76 min read

Week 9: Influence and Outliers

👩 This week we will use the following packages as always, load them at the beginning of the session 👨

library(tidyverse)
library(car)
library(outliers)
library(dae) #install.packages("dae")
library(car)
library(DMwR)
library(olsrr)
library(stats)
library(ggrepel)
library(ggstatsplot)
library(plotly)
#install.packages("package_name")

This week, we will look at observations with high influence on the regression. They can change the distribution of residuals or significantly reduce the variation explained by the model \(R^2\).

Separated or outlying points can cause us to miss significant trends by reducing visual resolution in the plots. They also have a considerable influence on the results of the analysis.

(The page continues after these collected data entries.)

Lemma enorm_caa_matrix_poly_le (p : {poly R}) (M : R) :
  (size p <= k.+1)%N -> 0 <= M -> (forall y, 0 <= y <= rho -> `|p.[y]| <= M) ->
  enorm (caa_matrix F x0 k *m (poly_rV p)^T) <=
    M * enorm (r 0) + l1poly p * (k%:R * alpha * enorm (r 0)).
Proof.
move=> p_size M_ge0 pM; set cp := (poly_rV p)^T.
have -> : caa_matrix F x0 k *m cp =
    horner_mx G p *m r 0 + \sum_j cp j 0 *: (r j - G ^+ j *m r 0).
  rewrite caa_matrix_mulmx (horner_mx_coef_wide _ p_size) mulmx_suml -big_split /=.
  by apply: eq_bigr => j _; rewrite /cp !mxE -scalemxAl -scalerDr addrC subrK.
apply: le_trans (enormD _ _) _; apply: lerD; first exact: enorm_horner_mx_le.
rewrite -(l1vec_poly_rV p_size); apply: enorm_lincomb_le => j.
have G_contr v : enorm (G *m v) <= enorm v by exact: enorm_mulmx_le.
apply: le_trans
  (enorm_residual_linearization_le alpha_ge0 xi_lip F_dec x0 rho_le1 F_lip G_contr j) _.
by rewrite !ler_wpM2r ?enorm_ge0 // ler_nat -ltnS.
Qed.

End CAAPolynomialResidual.

Theorem proposition2 (R : realType) (n : nat) (hn : (1 <= n)%N)
  (rho alpha : R) (hrho0 : 0 < rho) (hrho1 : rho < 1) (halpha : 0 <= alpha)
  (F : 'cV[R]_n -> 'cV[R]_n) (hF : lipschitz rho F)
  (G : 'M[R]_n) (xi : 'cV[R]_n -> 'cV[R]_n)
  (hGsym : G^T = G)
  (hGpsd : forall v : 'cV[R]_n, 0 <= (v^T *m G *m v) 0 0)
  (hGle : forall v : 'cV[R]_n, (v^T *m G *m v) 0 0 <= rho * (v^T *m v) 0 0)
  (hxi : lipschitz alpha xi)
  (hFdec : forall x, F x = G *m x + xi x)
  (C : R) (hC : 1 <= C) (k : nat) (hk : (1 <= k)%N) (x0 : 'cV[R]_n)
  (c : 'cV[R]_k.+1) (hc : caa_coeff F x0 C c)
  (pstar : {poly R}) (hp : poly_minimizer k C rho pstar) :
  let xe := caa_output F x0 c in
  enorm (F xe - xe) <=
    (maxabs rho pstar + 3%:R * C * alpha * k%:R) * enorm (F x0 - x0).
Proof.
case: n => [//|n] in hn F hF G xi hGsym hGpsd hGle hxi hFdec x0 c hc *.
have rho_le1 := ltW hrho1.
have [[c_sum c_l1] c_min] := hc; have [[p_size [p_one p_l1]] _] := hp.
have -> : enorm (F x0 - x0) = enorm (iter_residual F x0 0) by rewrite enormB.
have pstar_feasible : caa_feasible C (poly_rV pstar : 'rV_k.+1)^T.
  by split; rewrite ?sum_poly_rV ?l1vec_poly_rV.
have maxabs_ge0 : 0 <= maxabs rho pstar.
  by apply: le_trans (normr_ge0 pstar.[0]) (norm_horner_le_maxabs _ _); rewrite lexx ltW.
have Rc_le := le_trans (c_min _ pstar_feasible)
  (enorm_caa_matrix_poly_le x0 halpha hxi hFdec rho_le1 hF hGsym hGpsd hGle p_size
     maxabs_ge0 (@norm_horner_le_maxabs _ _ _)).
apply: le_trans (enorm_caa_output_residual_le halpha hxi hFdec x0 rho_le1 hF c_sum) _.
set N := enorm (iter_residual F x0 0) in Rc_le *.
have kaN_ge0 : 0 <= k%:R * alpha * N by rewrite !mulr_ge0 ?enorm_ge0.
have := ler_wpM2r kaN_ge0 p_l1; have := ler_wpM2r kaN_ge0 c_l1.
lra.
Qed.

Some methods to deal with them:

  • Transformations of the data to more suitable scales
  • Temporarily removing them from the plot

Univariate

Boxplot

Boxplots are great graphs to visualize outliers. Most of them identify outliers when those observations lie outside \(1.5 * IQR\). The IQR (Inter Quartile Range) is the value difference between 75th and 25th quartiles. In a boxplot, we will look at the points outside the whiskers.

data(algae)
outliers<-boxplot.stats(algae$Cl)$out
boxplot(algae$Cl, main="Pressure Height", boxwex=0.1)
mtext(paste("Outliers: ", paste(outliers, collapse=", ")), cex=0.5,at = c(0.8,300),outer = F)


calculate_outlier <- function(x) {
  return(x < quantile(x, 0.25) - 1.5 * IQR(x) | x > quantile(x, 0.75) + 1.5 * IQR(x))
}

data("algae")
outlier.data<-  dplyr::mutate(algae,obs=seq_along(algae$season))%>%
                gather(key = "variables",value = "values",4:18,na.rm = T)%>%
                dplyr::group_by(variables)%>%
                dplyr::mutate(outlier=ifelse(calculate_outlier(values),obs,NA))

ggplot()+
  geom_boxplot(outlier.data,mapping=aes(x=variables,y=values))+
  geom_text_repel(outlier.data,mapping=aes(x=variables,y=values,label=outlier))+
  facet_wrap(variables~.,scales = "free")+
  theme_bw()

geom_text_repel does not work as expected, so we use geom_text and move the text to the right to have some space between the points.

p=ggplot(outlier.data)+
  geom_boxplot(mapping=aes(x=variables,y=values))+
  geom_text(mapping=aes(x=variables,y=values,label=outlier),nudge_x = 0.1)+
  facet_wrap(variables~.,scales = "free")+
  theme_bw()
plotly::ggplotly(p)

Multivariate model

Cook’s Distance

Cook’s distance is a mathematical measure of the impact of deleting a case on the estimated regression coefficients not a statistical test. Each case or sample has one Cook’s distance \(D\) value, and the plot orders them in terms of their influence on the fitted \(hat_y\).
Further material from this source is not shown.